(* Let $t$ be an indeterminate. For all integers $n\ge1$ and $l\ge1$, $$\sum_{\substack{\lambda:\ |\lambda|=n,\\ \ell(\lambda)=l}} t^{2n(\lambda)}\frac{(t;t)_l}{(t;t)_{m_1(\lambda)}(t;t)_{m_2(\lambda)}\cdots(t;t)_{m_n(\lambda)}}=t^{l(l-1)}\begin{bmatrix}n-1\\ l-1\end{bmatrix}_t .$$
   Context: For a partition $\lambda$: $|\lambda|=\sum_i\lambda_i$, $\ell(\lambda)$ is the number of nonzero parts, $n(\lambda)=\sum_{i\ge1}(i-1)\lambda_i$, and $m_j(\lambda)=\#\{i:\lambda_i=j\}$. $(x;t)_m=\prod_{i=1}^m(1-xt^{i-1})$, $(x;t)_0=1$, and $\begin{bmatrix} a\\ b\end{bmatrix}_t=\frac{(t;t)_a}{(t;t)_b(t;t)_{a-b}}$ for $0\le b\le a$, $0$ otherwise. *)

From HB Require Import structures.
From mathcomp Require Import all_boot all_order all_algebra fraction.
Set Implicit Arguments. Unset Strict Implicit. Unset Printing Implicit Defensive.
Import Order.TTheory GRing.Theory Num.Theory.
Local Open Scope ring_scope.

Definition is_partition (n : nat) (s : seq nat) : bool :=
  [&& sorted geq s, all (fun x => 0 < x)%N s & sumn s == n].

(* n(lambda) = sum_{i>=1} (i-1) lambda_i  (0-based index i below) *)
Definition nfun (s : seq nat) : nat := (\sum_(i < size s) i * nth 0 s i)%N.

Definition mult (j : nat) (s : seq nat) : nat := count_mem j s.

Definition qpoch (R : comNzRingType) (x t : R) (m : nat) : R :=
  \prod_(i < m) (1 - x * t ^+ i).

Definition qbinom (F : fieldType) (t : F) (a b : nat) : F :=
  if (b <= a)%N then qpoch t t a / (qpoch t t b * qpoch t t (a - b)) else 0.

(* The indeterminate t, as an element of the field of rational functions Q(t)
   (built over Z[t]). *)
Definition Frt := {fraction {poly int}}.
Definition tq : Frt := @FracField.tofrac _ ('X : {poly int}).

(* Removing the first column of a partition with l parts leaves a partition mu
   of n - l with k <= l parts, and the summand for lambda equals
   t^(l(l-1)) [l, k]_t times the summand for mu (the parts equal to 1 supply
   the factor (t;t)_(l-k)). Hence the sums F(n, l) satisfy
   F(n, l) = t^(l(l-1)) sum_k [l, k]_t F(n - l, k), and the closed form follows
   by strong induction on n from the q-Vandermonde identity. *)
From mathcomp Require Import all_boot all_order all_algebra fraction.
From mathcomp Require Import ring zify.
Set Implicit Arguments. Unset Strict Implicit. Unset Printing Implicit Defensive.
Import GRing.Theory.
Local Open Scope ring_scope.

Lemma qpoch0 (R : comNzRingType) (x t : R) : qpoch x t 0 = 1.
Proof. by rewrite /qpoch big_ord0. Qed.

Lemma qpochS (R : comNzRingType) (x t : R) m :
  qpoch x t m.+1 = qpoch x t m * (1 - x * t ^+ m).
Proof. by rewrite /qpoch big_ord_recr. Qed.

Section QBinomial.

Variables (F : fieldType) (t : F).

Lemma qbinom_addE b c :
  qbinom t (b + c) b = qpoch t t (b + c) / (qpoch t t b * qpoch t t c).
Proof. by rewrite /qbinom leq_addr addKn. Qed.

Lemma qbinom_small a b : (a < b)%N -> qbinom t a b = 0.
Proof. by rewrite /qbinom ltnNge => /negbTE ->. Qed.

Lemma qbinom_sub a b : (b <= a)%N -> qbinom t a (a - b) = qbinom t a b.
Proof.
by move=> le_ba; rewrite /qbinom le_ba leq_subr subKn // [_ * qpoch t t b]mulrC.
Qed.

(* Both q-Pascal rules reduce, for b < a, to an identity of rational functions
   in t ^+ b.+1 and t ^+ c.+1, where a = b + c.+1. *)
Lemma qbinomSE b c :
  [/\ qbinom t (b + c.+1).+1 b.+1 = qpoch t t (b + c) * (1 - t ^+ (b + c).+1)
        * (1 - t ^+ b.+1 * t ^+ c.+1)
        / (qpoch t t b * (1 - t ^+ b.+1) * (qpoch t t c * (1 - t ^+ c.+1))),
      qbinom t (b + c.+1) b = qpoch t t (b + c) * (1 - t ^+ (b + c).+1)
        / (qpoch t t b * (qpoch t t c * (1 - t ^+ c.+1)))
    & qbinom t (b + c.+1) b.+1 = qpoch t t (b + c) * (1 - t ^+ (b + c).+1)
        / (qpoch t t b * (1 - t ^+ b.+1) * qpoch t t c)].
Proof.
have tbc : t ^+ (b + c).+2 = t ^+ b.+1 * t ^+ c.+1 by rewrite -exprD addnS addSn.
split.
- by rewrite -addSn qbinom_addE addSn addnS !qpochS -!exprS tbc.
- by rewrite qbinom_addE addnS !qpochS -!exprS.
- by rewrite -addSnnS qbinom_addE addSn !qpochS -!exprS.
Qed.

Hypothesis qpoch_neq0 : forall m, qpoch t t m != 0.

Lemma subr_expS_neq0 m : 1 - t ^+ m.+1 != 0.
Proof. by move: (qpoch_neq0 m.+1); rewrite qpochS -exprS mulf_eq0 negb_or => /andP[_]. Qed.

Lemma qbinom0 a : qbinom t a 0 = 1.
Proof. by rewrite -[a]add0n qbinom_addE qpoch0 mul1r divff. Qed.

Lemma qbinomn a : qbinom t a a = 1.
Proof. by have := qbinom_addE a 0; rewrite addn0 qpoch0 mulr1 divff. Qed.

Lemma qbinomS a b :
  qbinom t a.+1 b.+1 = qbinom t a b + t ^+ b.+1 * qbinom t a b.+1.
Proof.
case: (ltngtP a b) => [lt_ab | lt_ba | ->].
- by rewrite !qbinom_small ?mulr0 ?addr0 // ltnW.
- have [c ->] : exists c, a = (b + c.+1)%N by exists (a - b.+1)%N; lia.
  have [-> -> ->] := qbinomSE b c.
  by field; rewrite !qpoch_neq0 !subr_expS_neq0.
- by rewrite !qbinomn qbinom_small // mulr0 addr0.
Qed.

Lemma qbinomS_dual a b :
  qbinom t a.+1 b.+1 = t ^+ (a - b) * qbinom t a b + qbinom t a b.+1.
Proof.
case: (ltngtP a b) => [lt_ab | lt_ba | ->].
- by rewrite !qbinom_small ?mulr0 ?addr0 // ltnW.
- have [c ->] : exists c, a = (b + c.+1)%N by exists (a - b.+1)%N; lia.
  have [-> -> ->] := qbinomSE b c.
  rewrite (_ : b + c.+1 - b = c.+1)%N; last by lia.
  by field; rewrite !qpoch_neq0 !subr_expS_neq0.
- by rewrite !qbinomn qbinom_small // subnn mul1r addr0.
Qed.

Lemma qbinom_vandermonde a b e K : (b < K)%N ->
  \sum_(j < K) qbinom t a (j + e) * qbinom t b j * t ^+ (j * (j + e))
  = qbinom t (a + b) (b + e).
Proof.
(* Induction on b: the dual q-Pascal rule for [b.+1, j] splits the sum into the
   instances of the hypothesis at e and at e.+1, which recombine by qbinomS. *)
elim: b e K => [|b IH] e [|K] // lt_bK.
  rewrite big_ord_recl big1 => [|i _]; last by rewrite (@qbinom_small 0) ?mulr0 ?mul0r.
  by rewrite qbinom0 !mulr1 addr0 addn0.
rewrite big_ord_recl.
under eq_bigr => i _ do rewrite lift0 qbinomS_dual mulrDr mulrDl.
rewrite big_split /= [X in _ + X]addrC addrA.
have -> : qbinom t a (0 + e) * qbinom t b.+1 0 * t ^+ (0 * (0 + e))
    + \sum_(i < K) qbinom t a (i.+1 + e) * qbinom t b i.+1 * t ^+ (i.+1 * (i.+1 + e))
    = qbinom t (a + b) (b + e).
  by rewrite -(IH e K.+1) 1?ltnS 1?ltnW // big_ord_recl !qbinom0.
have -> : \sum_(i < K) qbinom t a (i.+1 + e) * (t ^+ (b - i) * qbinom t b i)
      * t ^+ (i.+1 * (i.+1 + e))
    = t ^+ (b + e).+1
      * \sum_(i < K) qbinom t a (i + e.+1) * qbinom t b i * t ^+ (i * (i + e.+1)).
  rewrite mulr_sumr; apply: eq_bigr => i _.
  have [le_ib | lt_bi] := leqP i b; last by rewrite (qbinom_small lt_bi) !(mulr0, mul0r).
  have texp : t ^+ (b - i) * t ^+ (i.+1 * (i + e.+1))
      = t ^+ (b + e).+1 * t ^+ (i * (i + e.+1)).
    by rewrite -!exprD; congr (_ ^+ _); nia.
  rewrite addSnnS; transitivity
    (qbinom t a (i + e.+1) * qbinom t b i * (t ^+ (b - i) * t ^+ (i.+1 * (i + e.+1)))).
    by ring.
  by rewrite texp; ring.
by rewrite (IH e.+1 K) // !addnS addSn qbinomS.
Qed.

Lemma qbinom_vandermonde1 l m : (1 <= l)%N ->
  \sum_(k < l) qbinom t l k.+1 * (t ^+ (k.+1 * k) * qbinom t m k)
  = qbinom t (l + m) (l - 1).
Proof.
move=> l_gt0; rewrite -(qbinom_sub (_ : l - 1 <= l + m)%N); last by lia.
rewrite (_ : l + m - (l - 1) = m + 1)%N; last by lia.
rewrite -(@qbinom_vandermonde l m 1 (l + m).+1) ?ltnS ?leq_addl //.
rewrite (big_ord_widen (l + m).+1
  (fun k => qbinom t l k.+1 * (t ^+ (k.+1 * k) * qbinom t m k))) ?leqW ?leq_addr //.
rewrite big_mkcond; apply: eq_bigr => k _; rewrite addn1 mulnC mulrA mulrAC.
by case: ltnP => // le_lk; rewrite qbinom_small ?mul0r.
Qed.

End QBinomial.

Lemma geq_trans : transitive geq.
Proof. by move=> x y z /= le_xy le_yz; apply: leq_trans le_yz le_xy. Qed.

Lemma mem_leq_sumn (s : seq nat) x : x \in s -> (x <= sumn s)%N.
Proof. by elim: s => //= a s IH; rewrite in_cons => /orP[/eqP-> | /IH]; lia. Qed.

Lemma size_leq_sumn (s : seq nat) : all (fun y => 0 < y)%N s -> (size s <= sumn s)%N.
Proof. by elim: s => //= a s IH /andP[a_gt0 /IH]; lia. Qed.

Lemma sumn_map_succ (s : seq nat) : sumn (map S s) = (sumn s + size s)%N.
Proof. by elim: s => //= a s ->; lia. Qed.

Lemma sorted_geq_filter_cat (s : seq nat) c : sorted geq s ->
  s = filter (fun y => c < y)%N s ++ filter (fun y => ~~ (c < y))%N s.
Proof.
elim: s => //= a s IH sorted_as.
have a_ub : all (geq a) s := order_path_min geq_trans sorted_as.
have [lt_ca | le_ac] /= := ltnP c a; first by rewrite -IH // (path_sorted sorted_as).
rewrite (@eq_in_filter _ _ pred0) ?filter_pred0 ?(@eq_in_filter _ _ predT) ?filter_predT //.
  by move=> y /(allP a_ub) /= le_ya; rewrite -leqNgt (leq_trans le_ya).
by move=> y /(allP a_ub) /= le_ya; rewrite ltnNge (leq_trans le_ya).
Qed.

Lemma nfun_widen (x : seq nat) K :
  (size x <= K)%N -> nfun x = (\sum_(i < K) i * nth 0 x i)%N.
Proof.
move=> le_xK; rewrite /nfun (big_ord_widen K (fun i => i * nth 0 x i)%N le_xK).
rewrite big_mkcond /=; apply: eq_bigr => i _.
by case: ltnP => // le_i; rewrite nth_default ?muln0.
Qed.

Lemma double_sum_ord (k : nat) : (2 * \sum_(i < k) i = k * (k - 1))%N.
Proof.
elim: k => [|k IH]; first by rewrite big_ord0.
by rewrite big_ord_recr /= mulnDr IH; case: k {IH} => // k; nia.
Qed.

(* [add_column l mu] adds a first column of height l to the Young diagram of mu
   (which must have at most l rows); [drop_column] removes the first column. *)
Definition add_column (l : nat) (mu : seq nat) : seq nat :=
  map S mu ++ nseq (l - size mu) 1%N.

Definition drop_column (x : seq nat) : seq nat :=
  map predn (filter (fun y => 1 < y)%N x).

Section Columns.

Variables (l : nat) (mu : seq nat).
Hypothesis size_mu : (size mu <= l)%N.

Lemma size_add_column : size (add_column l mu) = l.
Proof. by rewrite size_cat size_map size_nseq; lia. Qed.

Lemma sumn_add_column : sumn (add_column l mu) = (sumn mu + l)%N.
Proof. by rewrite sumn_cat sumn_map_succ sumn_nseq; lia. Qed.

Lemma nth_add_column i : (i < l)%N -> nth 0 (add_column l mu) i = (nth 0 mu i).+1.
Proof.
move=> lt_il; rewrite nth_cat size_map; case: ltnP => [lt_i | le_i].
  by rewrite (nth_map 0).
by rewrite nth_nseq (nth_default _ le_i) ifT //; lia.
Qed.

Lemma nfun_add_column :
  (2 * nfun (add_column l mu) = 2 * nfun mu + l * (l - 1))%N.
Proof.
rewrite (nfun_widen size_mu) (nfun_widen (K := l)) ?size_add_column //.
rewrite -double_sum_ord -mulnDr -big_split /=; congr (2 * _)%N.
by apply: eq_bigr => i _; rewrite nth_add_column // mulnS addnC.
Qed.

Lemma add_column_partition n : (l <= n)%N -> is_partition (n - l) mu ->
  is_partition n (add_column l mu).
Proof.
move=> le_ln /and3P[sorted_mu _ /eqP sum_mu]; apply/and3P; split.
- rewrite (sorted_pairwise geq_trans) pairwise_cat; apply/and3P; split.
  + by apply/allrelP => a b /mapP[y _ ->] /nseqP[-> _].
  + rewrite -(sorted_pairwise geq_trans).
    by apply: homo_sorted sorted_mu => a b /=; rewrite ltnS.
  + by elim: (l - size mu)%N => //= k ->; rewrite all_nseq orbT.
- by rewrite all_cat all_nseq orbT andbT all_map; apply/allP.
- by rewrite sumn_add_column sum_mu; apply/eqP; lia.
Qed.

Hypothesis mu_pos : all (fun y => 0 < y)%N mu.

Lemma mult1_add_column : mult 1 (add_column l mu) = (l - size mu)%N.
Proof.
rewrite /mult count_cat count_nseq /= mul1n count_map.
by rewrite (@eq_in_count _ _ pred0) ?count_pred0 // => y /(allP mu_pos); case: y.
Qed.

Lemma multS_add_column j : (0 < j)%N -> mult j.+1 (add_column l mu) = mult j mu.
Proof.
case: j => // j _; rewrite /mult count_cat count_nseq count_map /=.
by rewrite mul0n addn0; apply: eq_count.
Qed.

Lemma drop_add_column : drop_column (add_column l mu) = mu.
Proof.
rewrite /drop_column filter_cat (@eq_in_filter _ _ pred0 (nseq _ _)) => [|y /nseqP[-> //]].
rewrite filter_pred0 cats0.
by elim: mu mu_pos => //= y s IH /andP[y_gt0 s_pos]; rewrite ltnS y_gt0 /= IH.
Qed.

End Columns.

━━━━━━━━

What is needed: In the records above, find each line that mentions the word "Variables", and copy it.

Response to the exercise:
Variables (F : fieldType) (t : F).
Variables (l : nat) (mu : seq nat).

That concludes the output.